DATASET RECORDS section start

(* Let $1 \le k_1, k_2$ be integers. (a) If $m$ is an integer with $k_1 + k_2 - m \le \dim V$, then the Euclidean space $\mathfrak M$ (that is, the family $\mathcal L$ of lines together with the line orthogonality $\perp$ on $\mathcal L$) is definable in the structure $\langle S, \mathcal H_{k_1}, \mathcal H_{k_2}, \perp^{m}_{k_1,k_2}\rangle$. (b) If moreover $k_1,k_2<\dim V$, then the Euclidean space $\mathfrak M$ is definable in the structure $\mathfrak K := \langle S, \mathcal H_{k_1}, \mathcal H_{k_2}, \perp^{\circ}\cap(\mathcal H_{k_1}\times\mathcal H_{k_2})\rangle$.
   Context: Let $V$ be a vector space over a field with a nondegenerate symmetric bilinear form $\xi$ having no isotropic vectors ($\xi(v,v)\neq 0$ for $v\neq 0$). The Euclidean space $\mathfrak M$ has point set $S=V$; its (affine) subspaces are the sets $p+W$ ($p\in V$, $W$ a linear subspace, called the direction), of dimension $\dim W$ (points have dimension $0$). $\mathcal H_k$ is the family of $k$-dimensional subspaces and $\mathcal L=\mathcal H_1$ the family of lines; $\dim\mathfrak M=\dim V$. For lines, $L_1\perp L_2$ iff their directions are $\xi$-orthogonal. For subspaces $X_1,X_2$, $X_1\sqcup X_2$ is the least subspace containing $X_1\cup X_2$. For nonempty subspaces $X,Y$: $X\perp Y$ iff $\xi(b-a,d-c)=0$ for all $a,b\in X$, $c,d\in Y$; and $X\perp_x Y$ iff $X\perp Y$ and $X\cap Y\neq\emptyset$. Define $X_1\perp^{\circ}X_2$ iff there are a point $q\in X_1\cap X_2$ and subspaces $Z_1,Z_2$ with $q\in Z_1,Z_2$, $Z_i\perp_x X_1\cap X_2$, $Z_1\perp_x Z_2$, and $(X_1\cap X_2)\sqcup Z_i=X_i$ for $i=1,2$. Define $X_1\perp^{*}X_2$ iff $X_1\perp^{\circ}X_2$ and $X_1\cap X_2\neq X_1$, $X_1\cap X_2\neq X_2$. Write $X_1\perp^{m}_{k_1,k_2}X_2$ iff $X_1\perp^{*}X_2$, $X_1\in\mathcal H_{k_1}$, $X_2\in\mathcal H_{k_2}$ and $X_1\cap X_2\in\mathcal H_m$. ''Definable'' means first-order definable. *)

From mathcomp Require Import all_boot all_algebra.
Set Implicit Arguments. Unset Strict Implicit. Unset Printing Implicit Defensive.
Import GRing.Theory.
Local Open Scope ring_scope.

Section Euclid.
Variables (F : fieldType) (V : lmodType F).

Definition pset := V -> Prop.

Definition free_fam (k : nat) (v : 'I_k -> V) : Prop :=
  forall c : 'I_k -> F, \sum_(i < k) c i *: v i = 0 -> forall i, c i = 0.

Definition dim_ge (n : nat) : Prop := exists v : 'I_n -> V, free_fam v.

Definition is_Hk (k : nat) (X : pset) : Prop :=
  exists (p : V) (v : 'I_k -> V), free_fam v /\
    forall x, X x <-> exists c : 'I_k -> F, x = p + \sum_(i < k) c i *: v i.

Definition lin_subspace (W : pset) : Prop :=
  W 0 /\ (forall x y, W x -> W y -> W (x + y)) /\ (forall (a : F) x, W x -> W (a *: x)).

Definition subspace (X : pset) : Prop :=
  exists (p : V) (W : pset), lin_subspace W /\
    forall x, X x <-> exists w, W w /\ x = p + w.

DATASET RECORDS section end

* _ACTIVITY_: Please copy, exactly as written, every line in the listing above from the line with "Set Implicit Arguments." up to and including the line with "exists (p : V) (W".

* _SOLVED EXERCISE_:
Set Implicit Arguments. Unset Strict Implicit. Unset Printing Implicit Defensive.
Import GRing.Theory.
Local Open Scope ring_scope.

Section Euclid.
Variables (F : fieldType) (V : lmodType F).

Definition pset := V -> Prop.

Definition free_fam (k : nat) (v : 'I_k -> V) : Prop :=
  forall c : 'I_k -> F, \sum_(i < k) c i *: v i = 0 -> forall i, c i = 0.

Definition dim_ge (n : nat) : Prop := exists v : 'I_n -> V, free_fam v.

Definition is_Hk (k : nat) (X : pset) : Prop :=
  exists (p : V) (v : 'I_k -> V), free_fam v /\
    forall x, X x <-> exists c : 'I_k -> F, x = p + \sum_(i < k) c i *: v i.

Definition lin_subspace (W : pset) : Prop :=
  W 0 /\ (forall x y, W x -> W y -> W (x + y)) /\ (forall (a : F) x, W x -> W (a *: x)).

Definition subspace (X : pset) : Prop :=
  exists (p : V) (W : pset), lin_subspace W /\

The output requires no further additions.